Word for word, reproduce the data that follows.

(Records drawn from a dataset)
§ §
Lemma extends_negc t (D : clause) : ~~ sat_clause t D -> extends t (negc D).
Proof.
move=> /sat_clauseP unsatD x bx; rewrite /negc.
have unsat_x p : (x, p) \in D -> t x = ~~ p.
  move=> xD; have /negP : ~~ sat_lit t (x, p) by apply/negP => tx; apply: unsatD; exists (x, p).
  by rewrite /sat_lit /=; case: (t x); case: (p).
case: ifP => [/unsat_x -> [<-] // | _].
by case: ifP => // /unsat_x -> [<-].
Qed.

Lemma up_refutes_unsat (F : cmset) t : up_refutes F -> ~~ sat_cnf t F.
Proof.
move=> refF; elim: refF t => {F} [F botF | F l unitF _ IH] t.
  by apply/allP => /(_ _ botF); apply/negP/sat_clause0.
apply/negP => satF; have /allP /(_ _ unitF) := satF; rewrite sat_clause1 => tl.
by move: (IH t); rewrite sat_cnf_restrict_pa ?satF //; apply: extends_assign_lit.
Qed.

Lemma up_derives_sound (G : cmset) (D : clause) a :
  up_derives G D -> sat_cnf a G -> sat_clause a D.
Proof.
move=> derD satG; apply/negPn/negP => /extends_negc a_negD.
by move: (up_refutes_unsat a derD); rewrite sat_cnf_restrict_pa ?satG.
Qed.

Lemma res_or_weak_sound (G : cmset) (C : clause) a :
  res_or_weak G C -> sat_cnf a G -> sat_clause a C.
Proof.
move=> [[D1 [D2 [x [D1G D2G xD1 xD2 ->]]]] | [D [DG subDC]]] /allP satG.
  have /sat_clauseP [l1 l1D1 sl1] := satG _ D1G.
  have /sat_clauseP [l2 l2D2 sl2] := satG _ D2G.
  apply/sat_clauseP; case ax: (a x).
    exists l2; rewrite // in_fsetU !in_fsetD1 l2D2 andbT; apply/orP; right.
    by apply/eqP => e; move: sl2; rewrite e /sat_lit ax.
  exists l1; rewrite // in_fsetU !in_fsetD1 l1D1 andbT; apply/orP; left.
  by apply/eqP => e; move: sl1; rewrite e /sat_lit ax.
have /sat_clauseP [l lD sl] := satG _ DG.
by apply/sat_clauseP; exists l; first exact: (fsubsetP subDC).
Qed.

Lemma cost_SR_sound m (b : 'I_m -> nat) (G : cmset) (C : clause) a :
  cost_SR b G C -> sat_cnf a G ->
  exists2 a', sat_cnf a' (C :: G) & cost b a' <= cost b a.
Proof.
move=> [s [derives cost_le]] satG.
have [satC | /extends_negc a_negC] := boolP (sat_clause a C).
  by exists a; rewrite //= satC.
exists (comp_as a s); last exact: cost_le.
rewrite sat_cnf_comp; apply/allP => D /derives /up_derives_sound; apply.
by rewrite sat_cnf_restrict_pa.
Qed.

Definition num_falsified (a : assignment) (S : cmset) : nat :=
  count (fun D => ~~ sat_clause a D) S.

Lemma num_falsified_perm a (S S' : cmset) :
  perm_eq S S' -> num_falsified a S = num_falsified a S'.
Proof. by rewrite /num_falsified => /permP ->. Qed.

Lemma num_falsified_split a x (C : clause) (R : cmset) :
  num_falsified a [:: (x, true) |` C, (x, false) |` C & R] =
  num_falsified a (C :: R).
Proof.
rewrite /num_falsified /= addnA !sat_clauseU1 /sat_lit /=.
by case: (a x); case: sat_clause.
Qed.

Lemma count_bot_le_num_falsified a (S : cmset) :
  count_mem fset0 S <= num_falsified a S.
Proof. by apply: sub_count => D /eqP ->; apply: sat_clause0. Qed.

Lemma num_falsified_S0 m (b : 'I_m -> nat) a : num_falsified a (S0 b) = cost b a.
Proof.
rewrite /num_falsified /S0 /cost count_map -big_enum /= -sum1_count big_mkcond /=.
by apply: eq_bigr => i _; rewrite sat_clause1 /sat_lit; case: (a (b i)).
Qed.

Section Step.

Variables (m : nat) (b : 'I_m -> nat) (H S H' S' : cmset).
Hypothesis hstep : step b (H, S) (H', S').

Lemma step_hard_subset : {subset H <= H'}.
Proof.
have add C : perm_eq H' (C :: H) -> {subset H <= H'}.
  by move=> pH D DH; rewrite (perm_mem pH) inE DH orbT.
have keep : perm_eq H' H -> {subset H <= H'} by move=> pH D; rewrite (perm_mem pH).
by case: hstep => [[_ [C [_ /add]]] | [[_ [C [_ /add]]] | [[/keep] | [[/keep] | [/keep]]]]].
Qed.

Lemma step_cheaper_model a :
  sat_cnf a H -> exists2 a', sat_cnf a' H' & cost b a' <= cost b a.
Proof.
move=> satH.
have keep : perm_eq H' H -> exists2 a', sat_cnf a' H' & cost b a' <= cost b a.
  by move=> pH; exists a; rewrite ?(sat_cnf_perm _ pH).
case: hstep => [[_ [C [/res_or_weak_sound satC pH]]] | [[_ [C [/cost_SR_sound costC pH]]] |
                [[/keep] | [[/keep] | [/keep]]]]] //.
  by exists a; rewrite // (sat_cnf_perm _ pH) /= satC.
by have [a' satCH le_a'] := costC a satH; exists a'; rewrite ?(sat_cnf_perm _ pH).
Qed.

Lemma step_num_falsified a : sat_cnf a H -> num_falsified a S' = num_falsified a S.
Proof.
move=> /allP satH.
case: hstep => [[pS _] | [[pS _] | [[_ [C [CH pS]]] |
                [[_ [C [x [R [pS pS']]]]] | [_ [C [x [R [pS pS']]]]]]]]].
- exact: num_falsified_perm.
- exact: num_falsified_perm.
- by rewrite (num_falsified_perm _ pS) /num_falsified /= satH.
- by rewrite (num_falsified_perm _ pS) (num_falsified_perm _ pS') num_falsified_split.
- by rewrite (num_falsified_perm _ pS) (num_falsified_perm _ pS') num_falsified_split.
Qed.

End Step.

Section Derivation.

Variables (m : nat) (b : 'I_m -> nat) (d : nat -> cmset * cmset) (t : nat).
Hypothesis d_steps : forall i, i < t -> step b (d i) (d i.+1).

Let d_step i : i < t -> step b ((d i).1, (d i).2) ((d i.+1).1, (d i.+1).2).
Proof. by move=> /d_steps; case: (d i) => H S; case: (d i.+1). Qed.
§ §
> _Response_
Lemma extends_negc t (D : clause) : ~~ sat_clause t D -> extends t (negc D).
Proof.
move=> /sat_clauseP unsatD x bx; rewrite /negc.
have unsat_x p : (x, p) \in D -> t x = ~~ p.
  move=> xD; have /negP : ~~ sat_lit t (x, p) by apply/negP => tx; apply: unsatD; exists (x, p).
  by rewrite /sat_lit /=; case: (t x); case: (p).
case: ifP => [/unsat_x -> [<-] // | _].
by case: ifP => // /unsat_x -> [<-].
Qed.

Lemma up_refutes_unsat (F : cmset) t : up_refutes F -> ~~ sat_cnf t F.
Proof.
move=> refF; elim: refF t => {F} [F botF | F l unitF _ IH] t.
  by apply/allP => /(_ _ botF); apply/negP/sat_clause0.
apply/negP => satF; have /allP /(_ _ unitF) := satF; rewrite sat_clause1 => tl.
by move: (IH t); rewrite sat_cnf_restrict_pa ?satF //; apply: extends_assign_lit.
Qed.

Lemma up_derives_sound (G : cmset) (D : clause) a :
  up_derives G D -> sat_cnf a G -> sat_clause a D.
Proof.
move=> derD satG; apply/negPn/negP => /extends_negc a_negD.
by move: (up_refutes_unsat a derD); rewrite sat_cnf_restrict_pa ?satG.
Qed.

Lemma res_or_weak_sound (G : cmset) (C : clause) a :
  res_or_weak G C -> sat_cnf a G -> sat_clause a C.
Proof.
move=> [[D1 [D2 [x [D1G D2G xD1 xD2 ->]]]] | [D [DG subDC]]] /allP satG.
  have /sat_clauseP [l1 l1D1 sl1] := satG _ D1G.
  have /sat_clauseP [l2 l2D2 sl2] := satG _ D2G.
  apply/sat_clauseP; case ax: (a x).
    exists l2; rewrite // in_fsetU !in_fsetD1 l2D2 andbT; apply/orP; right.
    by apply/eqP => e; move: sl2; rewrite e /sat_lit ax.
  exists l1; rewrite // in_fsetU !in_fsetD1 l1D1 andbT; apply/orP; left.
  by apply/eqP => e; move: sl1; rewrite e /sat_lit ax.
have /sat_clauseP [l lD sl] := satG _ DG.
by apply/sat_clauseP; exists l; first exact: (fsubsetP subDC).
Qed.

Lemma cost_SR_sound m (b : 'I_m -> nat) (G : cmset) (C : clause) a :
  cost_SR b G C -> sat_cnf a G ->
  exists2 a', sat_cnf a' (C :: G) & cost b a' <= cost b a.
Proof.
move=> [s [derives cost_le]] satG.
have [satC | /extends_negc a_negC] := boolP (sat_clause a C).
  by exists a; rewrite //= satC.
exists (comp_as a s); last exact: cost_le.
rewrite sat_cnf_comp; apply/allP => D /derives /up_derives_sound; apply.
by rewrite sat_cnf_restrict_pa.
Qed.

Definition num_falsified (a : assignment) (S : cmset) : nat :=
  count (fun D => ~~ sat_clause a D) S.

Lemma num_falsified_perm a (S S' : cmset) :
  perm_eq S S' -> num_falsified a S = num_falsified a S'.
Proof. by rewrite /num_falsified => /permP ->. Qed.

Lemma num_falsified_split a x (C : clause) (R : cmset) :
  num_falsified a [:: (x, true) |` C, (x, false) |` C & R] =
  num_falsified a (C :: R).
Proof.
rewrite /num_falsified /= addnA !sat_clauseU1 /sat_lit /=.
by case: (a x); case: sat_clause.
Qed.

Lemma count_bot_le_num_falsified a (S : cmset) :
  count_mem fset0 S <= num_falsified a S.
Proof. by apply: sub_count => D /eqP ->; apply: sat_clause0. Qed.

Lemma num_falsified_S0 m (b : 'I_m -> nat) a : num_falsified a (S0 b) = cost b a.
Proof.
rewrite /num_falsified /S0 /cost count_map -big_enum /= -sum1_count big_mkcond /=.
by apply: eq_bigr => i _; rewrite sat_clause1 /sat_lit; case: (a (b i)).
Qed.

Section Step.

Variables (m : nat) (b : 'I_m -> nat) (H S H' S' : cmset).
Hypothesis hstep : step b (H, S) (H', S').

Lemma step_hard_subset : {subset H <= H'}.
Proof.
have add C : perm_eq H' (C :: H) -> {subset H <= H'}.
  by move=> pH D DH; rewrite (perm_mem pH) inE DH orbT.
have keep : perm_eq H' H -> {subset H <= H'} by move=> pH D; rewrite (perm_mem pH).
by case: hstep => [[_ [C [_ /add]]] | [[_ [C [_ /add]]] | [[/keep] | [[/keep] | [/keep]]]]].
Qed.

Lemma step_cheaper_model a :
  sat_cnf a H -> exists2 a', sat_cnf a' H' & cost b a' <= cost b a.
Proof.
move=> satH.
have keep : perm_eq H' H -> exists2 a', sat_cnf a' H' & cost b a' <= cost b a.
  by move=> pH; exists a; rewrite ?(sat_cnf_perm _ pH).
case: hstep => [[_ [C [/res_or_weak_sound satC pH]]] | [[_ [C [/cost_SR_sound costC pH]]] |
                [[/keep] | [[/keep] | [/keep]]]]] //.
  by exists a; rewrite // (sat_cnf_perm _ pH) /= satC.
by have [a' satCH le_a'] := costC a satH; exists a'; rewrite ?(sat_cnf_perm _ pH).
Qed.

Lemma step_num_falsified a : sat_cnf a H -> num_falsified a S' = num_falsified a S.
Proof.
move=> /allP satH.
case: hstep => [[pS _] | [[pS _] | [[_ [C [CH pS]]] |
                [[_ [C [x [R [pS pS']]]]] | [_ [C [x [R [pS pS']]]]]]]]].
- exact: num_falsified_perm.
- exact: num_falsified_perm.
- by rewrite (num_falsified_perm _ pS) /num_falsified /= satH.
- by rewrite (num_falsified_perm _ pS) (num_falsified_perm _ pS') num_falsified_split.
- by rewrite (num_falsified_perm _ pS) (num_falsified_perm _ pS') num_falsified_split.
Qed.

End Step.

Section Derivation.

Variables (m : nat) (b : 'I_m -> nat) (d : nat -> cmset * cmset) (t : nat).
Hypothesis d_steps : forall i, i < t -> step b (d i) (d i.+1).

Let d_step i : i < t -> step b ((d i).1, (d i).2) ((d i.+1).1, (d i.+1).2).
Proof. by move=> /d_steps; case: (d i) => H S; case: (d i.+1). Qed.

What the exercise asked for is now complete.